Texto de Pedro Emanuel Santos | Fotos de Gonçalo Delgado/GI
O ritual é não ter rituais. Cada atuação uma experiência nova, cada cidade uma possível surpresa, cada palco um desafio solitário. Um homem diante de plateias repletas, sozinho contra o Mundo naquela quase hora e meia. Têm sido assim os dias de Salvador Martinha desde que iniciou a digressão nacional do atual espetáculo de stand-up comedy. “Diante do público, sinto a morte, mas não posso morrer.

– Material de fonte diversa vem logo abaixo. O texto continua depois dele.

(* Let $\varphi(z)\in K(z)$ have degree $d\ge1$, and let $(F,G)$ be a normalized representation of $\varphi$, with $F(X,Y)=\sum_{i=0}^d a_iX^iY^{d-i}$ and $G(X,Y)=\sum_{i=0}^d b_iX^iY^{d-i}$. Then $$\mathrm{GIR}(\varphi)=\max_{i\ne j}\left|\det\begin{pmatrix}a_i&a_j\\ b_i&b_j\end{pmatrix}\right|.$$
   Context: $K$ is a complete, algebraically closed field with a nontrivial nonarchimedean absolute value; $\mathcal O=\{|z|\le1\}$, $\mathcal O^\times$ its units. A normalized representation of $\varphi$ is a pair of homogeneous $F,G\in\mathcal O[X,Y]$ of degree $d$, with no common factor, at least one coefficient in $\mathcal O^\times$, such that $\varphi([X:Y])=[F(X,Y):G(X,Y)]$ (with $z=X/Y$). $\mathbf P^1_{\mathrm{Berk}}$ is the Berkovich projective line over $K$; $\zeta_{a,r}$ is the point corresponding to the disc $D(a,r)=\{z:|z-a|\le r\}$, $\zeta_G=\zeta_{0,1}$. For $x=\zeta_{a,r}$, $r>0$, $\mathrm{diam}_G(x)=r/\max(1,|a|,r)^2$ (equivalently $q^{-\rho(\zeta_G,x)}$ for the logarithmic path metric $\rho$). Gauss Image radius: $\mathrm{GIR}(\varphi)=\mathrm{diam}_G(\varphi(\zeta_G))$. *)

From Stdlib Require Import Rdefinitions Raxioms Rfunctions Rbasic_fun.
From HB Require Import structures.
From mathcomp Require Import all_boot all_order all_algebra.
Set Implicit Arguments. Unset Strict Implicit. Unset Printing Implicit Defensive.
Import GRing.Theory.
Local Open Scope ring_scope.
Local Notation "x %:F" := (@FracField.tofrac _ x).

Essa proximidade com a morte mantém-me vivo”, define, quase dramático, a revelar verdade nunca antes confessada.
“Cabeça Ausente”, assim foi batizado o show, em que Salvador, 35 anos – completa 36 a 6 de abril -, relata as divagações sobre o que lhe passa pelas ideias quando se alheia de tudo. “Quase sempre, portanto”, admite este lisboeta alto, barba preta bem aparada que já é imagem de marca, de olhar incisivo captador dos mais delicados pormenores daquilo que o rodeia. Como se lançasse permanentemente para o cérebro flashes de uma ironia assertiva, aquela mesma que corta e deixa finas cicatrizes que obrigam a lembrar que a realidade deve ser olhada em tons oficiais de liberdade mordaz.
Salvador é assim, um arguto observador permanente. “Aproveito-me muito disso para os meus espetáculos, em particular para este ‘Cabeça Ausente’”, diz, enquanto o relógio vai acelerando em contagem decrescente para nova entrada em cena. Desta vez em Braga, no imponente Theatro Circo (assim mesmo, com H, edifício do início do século XX com interior de inspiração italiana, 897 lugares em quatro pisos que remetem para passados operáticos de pompa, espécie de viagem ao passado em sala considerada das mais sofisticadas e eficazes da Europa, tanto assim que faz parte de restrita rede continental de teatros históricos).
Foi no Theatro Circo que a “Notícias Magazine” o encontrou, sozinho no meio do palco – como sempre está, aliás. O relógio batia as 18 horas, luzes e som em derradeiros testes de afinação e primeiras sensações a retirar de um Theatro Circo que, mesmo vazio, parecia lotação esgotada de imponência, ainda em fase de processamento. “Isto é muito bonito, não é?”, pergunta-nos Salvador Martinha, abismado com o cenário onde logo mais encontrará quase mil pessoas sentadas naquelas filas de cadeiras vermelhas.
“Cada público é diferente, isso ainda é verdade. Mas cada vez mais as referências são as mesmas independentemente do local da atuação. Todos têm acesso ao mesmo tipo de conteúdos através da internet, é tudo muito global”, entende.
“Fazer com que as pessoas sintam que estou em casa”
O guião de cada espetáculo é sempre o mesmo, apenas alguns acrescentos adaptados cirurgicamente. “Se estiver em Braga, falo de umas coisas de Braga com que todos se identifiquem; no Porto a mesma coisa; se for a um cidade do Alentejo também, e por aí fora.” O objetivo é simples: “Fazer com que as pessoas sintam que também eu estou em casa, como elas”. Uma relação de proximidade que aproxima o guião de sempre com o cenário que é de Salvador apenas durante uma noite, mas que é o dos outros todos os dias.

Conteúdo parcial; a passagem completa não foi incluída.